A big first quarter and other trends bode well despite Airbnb and foreign policy headwinds.

Googling “boutique hotel Midtown Manhattan NY” yields a whopping 713 lodging options. This is a recent development as the city is seeing a boom in boutique hotels, which are defined as small hotels with between 10 and 100 rooms, upscale accommodations, and unique selling points or a theme. Many also have restaurants that reflect the ambiance and culture of the hotel.

Much of this can be attributed to a change in the average New York City visitor. Historically, hotels have had a harder time filling rooms on weekends than on weekdays. However, data from STR show weekends are now generally seeing higher prices (as measured by average daily rate) and higher occupancy rates, which suggests that city visitors are now more leisure travelers; indeed, a 2017 US Travel Association report noted that leisure visitors comprise a healthy 79% of Big Apple travelers.

 NYC visitors 2016 2017
Leisure 47.9 million 79.2% 49.8 million 79.3%
Business 12.6 million 20.8% 13.0 million 20.7%
Total 60.5 million 100% 62.8 million 100%
Source: NYC & Company, 3/2018

This is good news for the boutique hotel industry, which caters to the leisure market. Boutique hotels usually charge a premium for rooms, and business travelers’ companies are usually not inclined to cover these costs. The standard hotel occupancy rate in the city is 86.7%, and overall in the U.S., boutique hotels enjoy a higher occupancy rate than other hotel categories.

If developers and operators are to maintain these high rates in 2018, the 4,000 boutique hotel rooms in New York City would need to attract 1.3 million visitors. According to NYC & Company, 65.1 million visitors are expected this year, which means boutique hotels would need to capture 2% of the market. They comprise 3.5% of the city’s hotel supply, so this seems achievable.

Nothing is guaranteed, of course. Risk factors for boutique hotels and the whole hospitality industry include perception of the U.S. as unfriendly to foreign travelers, stemming from the nation’s current foreign policy and media narrative, exchange rate issues, and the ever-present risk of natural disasters and terrorist threats.

Despite the disruption from Airbnb, occupancy rates for New York City hotels are growing and anticipated to continue in that direction, at least for the near term. The expectation is for the current supply of hotels as well as those scheduled to open in the next few years (22 hotel openings are anticipated in 2018, adding 5,000 rooms) to be fully absorbed by visitors.

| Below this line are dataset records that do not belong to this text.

(* Let $G$ be a group with a discrete left-invariant preordering $\preceq$, and let $a$ be a least positive element. Then for all $g,h\in G$: (1) if $1\preceq g$ and $1\preceq h$ then $1\prec agh$; (2) if $g\prec 1$ and $h\prec 1$ then $agh\prec 1$; (3) if $1\prec g$ then $1\prec aga^{-1}$ and $1\prec a^{-1}ga$; if $g\sim 1$ then $aga^{-1}\sim 1$ and $a^{-1}ga\sim 1$; if $g\prec 1$ then $aga^{-1}\prec 1$ and $a^{-1}ga\prec 1$.
   Context: A left-invariant preordering on a group $G$ is a relation $\preceq$ on $G$ that is reflexive, transitive and complete (for all $g,g'$ one has $g\preceq g'$ or $g'\preceq g$), and such that $g\preceq g'$ implies $hg\preceq hg'$ for all $h\in G$. Write $g\sim g'$ if $g\preceq g'$ and $g'\preceq g$, and $g\prec g'$ if $g\preceq g'$ and not $g\sim g'$. The preordering is discrete if there exists $a\in G$ with $1\prec a$ such that there is no $b\in G$ with $1\prec b\prec a$; such an $a$ is called a least positive element. *)

Definition is_group {G : Type} (mul : G -> G -> G) (one : G) (inv : G -> G) : Prop :=
  (forall x y z, mul x (mul y z) = mul (mul x y) z) /\
  (forall x, mul one x = x) /\ (forall x, mul x one = x) /\
  (forall x, mul (inv x) x = one) /\ (forall x, mul x (inv x) = one).

Definition left_inv_preorder {G : Type} (mul : G -> G -> G) (le : G -> G -> Prop) : Prop :=
  (forall g, le g g) /\
  (forall g g' g'', le g g' -> le g' g'' -> le g g'') /\
  (forall g g', le g g' \/ le g' g) /\
  (forall g g' h, le g g' -> le (mul h g) (mul h g')).

Definition pequiv {G : Type} (le : G -> G -> Prop) (g g' : G) : Prop := le g g' /\ le g' g.
Definition plt {G : Type} (le : G -> G -> Prop) (g g' : G) : Prop := le g g' /\ ~ pequiv le g g'.

Definition least_positive {G : Type} (le : G -> G -> Prop) (one a : G) : Prop :=
  plt le one a /\ ~ (exists b, plt le one b /\ plt le b a).

Definition discrete_preorder {G : Type} (le : G -> G -> Prop) (one : G) : Prop :=
  exists a, least_positive le one a.

(* A least positive [a] lies below every positive element.  Hence if [1 ≺ x] then
   [1 ≼ x a⁻¹] (otherwise [1 ≺ a x⁻¹], so [a ≼ a x⁻¹] and [x ≼ 1]), and so
   [1 ≺ a ≼ a (x a⁻¹)]; conversely [x ≼ 1] forces [a x a⁻¹ ≼ 1].  Conjugation by [a] thus
   maps the positive cone onto itself, and since it commutes with inversion it also
   preserves the negative elements and the class of [1].  Parts (1) and (2) follow from
   [a ≼ a y] for [1 ≼ y] and [a g ≼ 1] for [g ≺ 1]. *)
From Stdlib Require Import Classical.

Section OrderedGroup.

Context {G : Type} {mul : G -> G -> G} {one : G} {inv : G -> G} {le : G -> G -> Prop}.
Hypothesis hG : is_group mul one inv.
Hypothesis hle : left_inv_preorder mul le.

Local Infix "·" := mul (at level 40, left associativity).
Local Notation "x ≼ y" := (le x y) (at level 70, no associativity).
Local Notation "x ≺ y" := (plt le x y) (at level 70, no associativity).
Local Notation "x ≈ y" := (pequiv le x y) (at level 70, no associativity).

Let mulA : forall x y z, x · (y · z) = x · y · z := proj1 hG.
Let mul1g : forall x, one · x = x := proj1 (proj2 hG).
Let mulg1 : forall x, x · one = x := proj1 (proj2 (proj2 hG)).
Let mulVg : forall x, inv x · x = one := proj1 (proj2 (proj2 (proj2 hG))).
Let mulgV : forall x, x · inv x = one := proj2 (proj2 (proj2 (proj2 hG))).

Let le_trans : forall x y z, x ≼ y -> y ≼ z -> x ≼ z := proj1 (proj2 hle).
Let le_total : forall x y, x ≼ y \/ y ≼ x := proj1 (proj2 (proj2 hle)).
Let le_mull : forall x y h, x ≼ y -> h · x ≼ h · y := proj2 (proj2 (proj2 hle)).

Lemma mulKg x y : inv x · (x · y) = y.
Proof. rewrite mulA, mulVg, mul1g; reflexivity. Qed.

Lemma inv_unique x y : x · y = one -> inv x = y.
Proof. intro Hxy. rewrite <- (mulKg x y), Hxy, mulg1; reflexivity. Qed.

Lemma invgK x : inv (inv x) = x.
Proof. apply inv_unique, mulVg. Qed.

Lemma invMg x y : inv (x · y) = inv y · inv x.
Proof.
  apply inv_unique.
  rewrite mulA, <- (mulA x y), mulgV, mulg1, mulgV; reflexivity.
Qed.

Lemma conjgK b x : b · (inv b · x · b) · inv b = x.
Proof. rewrite !mulA, mulgV, mul1g, <- mulA, mulgV, mulg1; reflexivity. Qed.

Lemma conjgV b c x : c · b = one -> b · c = one -> b · inv x · c = inv (b · x · c).
Proof.
  intros Hcb Hbc. symmetry; apply inv_unique.
  rewrite !mulA, <- (mulA _ c b), Hcb, mulg1, <- (mulA _ x), mulgV, mulg1, Hbc.
  reflexivity.
Qed.

Lemma lt_iff_not_ge x y : x ≺ y <-> ~ y ≼ x.
Proof.
  unfold plt, pequiv; split.
  - intros [Hxy Hneq] Hyx; apply Hneq; split; assumption.
  - intros Hyx; destruct (le_total x y) as [Hxy | Hxy].
    + split; [exact Hxy | intros [_ H]; contradiction].
    + contradiction.
Qed.

Lemma le_iff_not_gt x y : x ≼ y <-> ~ y ≺ x.
Proof. rewrite lt_iff_not_ge; split; [tauto | apply NNPP]. Qed.

Lemma equiv_iff_not_lt x y : x ≈ y <-> ~ x ≺ y /\ ~ y ≺ x.
Proof. unfold pequiv; rewrite !le_iff_not_gt; tauto. Qed.

Lemma lt_le_trans x y z : x ≺ y -> y ≼ z -> x ≺ z.
Proof. rewrite !lt_iff_not_ge; intros Hyx Hyz Hzx; apply Hyx, (le_trans _ _ _ Hyz Hzx). Qed.

Lemma le_mul2l h x y : h · x ≼ h · y <-> x ≼ y.
Proof.
  split; [|apply le_mull].
  intro H; apply (le_mull _ _ (inv h)) in H; rewrite !mulKg in H; exact H.
Qed.

Lemma lt_mul2l h x y : h · x ≺ h · y <-> x ≺ y.
Proof. rewrite !lt_iff_not_ge, le_mul2l; reflexivity. Qed.

Lemma le_mulr_nonneg x y : one ≼ y -> x ≼ x · y.
Proof. rewrite <- (le_mul2l x), mulg1; trivial. Qed.

Lemma one_le_inv x : one ≼ inv x <-> x ≼ one.
Proof. rewrite <- (le_mul2l x), mulg1, mulgV; reflexivity. Qed.

Lemma inv_le_one x : inv x ≼ one <-> one ≼ x.
Proof. rewrite <- (le_mul2l x), mulg1, mulgV; reflexivity. Qed.

Lemma one_lt_inv x : one ≺ inv x <-> x ≺ one.
Proof. rewrite !lt_iff_not_ge, inv_le_one; reflexivity. Qed.

Lemma mul_nonneg x y : one ≼ x -> one ≼ y -> one ≼ x · y.
Proof. intros Hx Hy; apply (le_trans _ x); [exact Hx | apply le_mulr_nonneg, Hy]. Qed.

Section PositivityPreserving.

Variable f : G -> G.
Hypothesis f_pos : forall x, one ≺ x <-> one ≺ f x.
Hypothesis f_inv : forall x, f (inv x) = inv (f x).

Lemma neg_iff_of_pos_iff x : x ≺ one <-> f x ≺ one.
Proof. rewrite <- !one_lt_inv, <- f_inv; apply f_pos. Qed.

Lemma equiv_one_iff_of_pos_iff x : x ≈ one <-> f x ≈ one.
Proof. rewrite !equiv_iff_not_lt, neg_iff_of_pos_iff, <- f_pos; reflexivity. Qed.

End PositivityPreserving.

Section LeastPositive.

Variable a : G.
Hypothesis ha : least_positive le one a.

Let one_lt_a : one ≺ a := proj1 ha.

Lemma least_positive_le x : one ≺ x -> a ≼ x.
Proof.
  intro Hx; rewrite le_iff_not_gt; intro Hxa.
  apply (proj2 ha); exists x; split; assumption.
Qed.

Lemma nonneg_of_one_lt_mull x : one ≺ a · x -> one ≼ x.
Proof. intro Hax; rewrite <- (le_mul2l a), mulg1; apply least_positive_le, Hax. Qed.

Lemma one_le_mulVr_of_pos x : one ≺ x -> one ≼ x · inv a.
Proof.
  intro Hx; rewrite le_iff_not_gt, <- one_lt_inv, invMg, invgK.
  intro Hax; apply nonneg_of_one_lt_mull, one_le_inv in Hax.
  rewrite lt_iff_not_ge in Hx; contradiction.
Qed.

Lemma conj_pos x : one ≺ x -> one ≺ a · x · inv a.
Proof.
  intro Hx; apply (lt_le_trans _ a); [exact one_lt_a|].
  rewrite <- mulA; apply le_mulr_nonneg, one_le_mulVr_of_pos, Hx.
Qed.

Lemma conj_nonpos x : x ≼ one -> a · x · inv a ≼ one.
Proof.
  intro Hx; rewrite le_iff_not_gt, <- mulA; intro Hc.
  apply nonneg_of_one_lt_mull in Hc.
  assert (Hinv : inv x ≼ inv a) by (rewrite <- (le_mul2l x), mulgV; exact Hc).
  apply one_le_inv in Hx.
  apply (le_trans _ _ _ Hx), one_le_inv in Hinv.
  rewrite lt_iff_not_ge in one_lt_a; contradiction.
Qed.

Lemma conj_pos_iff x : one ≺ x <-> one ≺ a · x · inv a.
Proof.
  split; [apply conj_pos|].
  rewrite !lt_iff_not_ge; intros Hc Hx; apply Hc, conj_nonpos, Hx.
Qed.

Lemma conjV_pos_iff x : one ≺ x <-> one ≺ inv a · x · a.
Proof. rewrite (conj_pos_iff (inv a · x · a)), conjgK; reflexivity. Qed.

Lemma conj_inv x : a · inv x · inv a = inv (a · x · inv a).
Proof. apply conjgV; [apply mulVg | apply mulgV]. Qed.

Lemma conjV_inv x : inv a · inv x · a = inv (inv a · x · a).
Proof. apply conjgV; [apply mulgV | apply mulVg]. Qed.

Lemma least_positive_mul_nonneg g h : one ≼ g -> one ≼ h -> one ≺ a · (g · h).
Proof.
  intros Hg Hh; apply (lt_le_trans _ a); [exact one_lt_a|].
  apply le_mulr_nonneg, mul_nonneg; assumption.
Qed.

Lemma least_positive_mul_neg g h : g ≺ one -> h ≺ one -> a · (g · h) ≺ one.
Proof.
  intros Hg Hh.
  assert (Hag : a · g ≼ one).
  { rewrite le_iff_not_gt; intro Hag; apply nonneg_of_one_lt_mull in Hag.
    rewrite lt_iff_not_ge in Hg; contradiction. }
  apply (lt_le_trans _ (a · g)); [|exact Hag].
  rewrite mulA; rewrite <- (mulg1 (a · g)) at 2; apply lt_mul2l, Hh.
Qed.

End LeastPositive.

End OrderedGroup.

Theorem mainTheorem3 (G : Type) (mul : G -> G -> G) (one : G) (inv : G -> G)
  (le : G -> G -> Prop) (a : G)
  (hG : is_group mul one inv)
  (hle : left_inv_preorder mul le)
  (hdisc : discrete_preorder le one)
  (ha : least_positive le one a) :
  forall g h : G,
    (le one g -> le one h -> plt le one (mul a (mul g h))) /\
    (plt le g one -> plt le h one -> plt le (mul a (mul g h)) one) /\
    (plt le one g -> plt le one (mul (mul a g) (inv a)) /\ plt le one (mul (mul (inv a) g) a)) /\
    (pequiv le g one -> pequiv le (mul (mul a g) (inv a)) one /\ pequiv le (mul (mul (inv a) g) a) one) /\
    (plt le g one -> plt le (mul (mul a g) (inv a)) one /\ plt le (mul (mul (inv a) g) a) one).
Proof.
  pose proof (conj_pos_iff hG hle a ha) as conj_pos.
  pose proof (conjV_pos_iff hG hle a ha) as conjV_pos.
  pose proof (conj_inv hG a) as conj_inv.
  pose proof (conjV_inv hG a) as conjV_inv.
  intros g h; split; [|split; [|split; [|split]]]; [| |intro Hg; split..].
  - apply (least_positive_mul_nonneg hG hle a ha).
  - apply (least_positive_mul_neg hG hle a ha).
  - exact (proj1 (conj_pos g) Hg).
  - exact (proj1 (conjV_pos g) Hg).
  - exact (proj1 (equiv_one_iff_of_pos_iff hG hle _ conj_pos conj_inv g) Hg).
  - exact (proj1 (equiv_one_iff_of_pos_iff hG hle _ conjV_pos conjV_inv g) Hg).
  - exact (proj1 (neg_iff_of_pos_iff hG hle _ conj_pos conj_inv g) Hg).
  - exact (proj1 (neg_iff_of_pos_iff hG hle _ conjV_pos conjV_inv g) Hg).
Qed.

Boutique hotels should enjoy the same occupancy trends. The flip side to this is the average daily rate, which has declined or remained steady throughout 2016 and 2017. However, the first quarter of 2018 was a breakthrough, with hotels experiencing a 3.5% increase in that rate.

The increase in average price per room was led by the luxury hotel class. The pricing for the 713 search results ranged from $53 to nearly $1,000 per night. The recent indicators of the return of “pricing power” to city hoteliers may be a great sign for boutiques.

With the hotel market’s overall positive performance, hotels continue to be an acquisition target for both institutional investors and private equity nationally. As one of the most significant hotel markets globally, New York City remains a key investment target. Hoteliers should focus on differentiating their offerings to attract this investment capital, and a well-designed boutique hotel is the way to do it.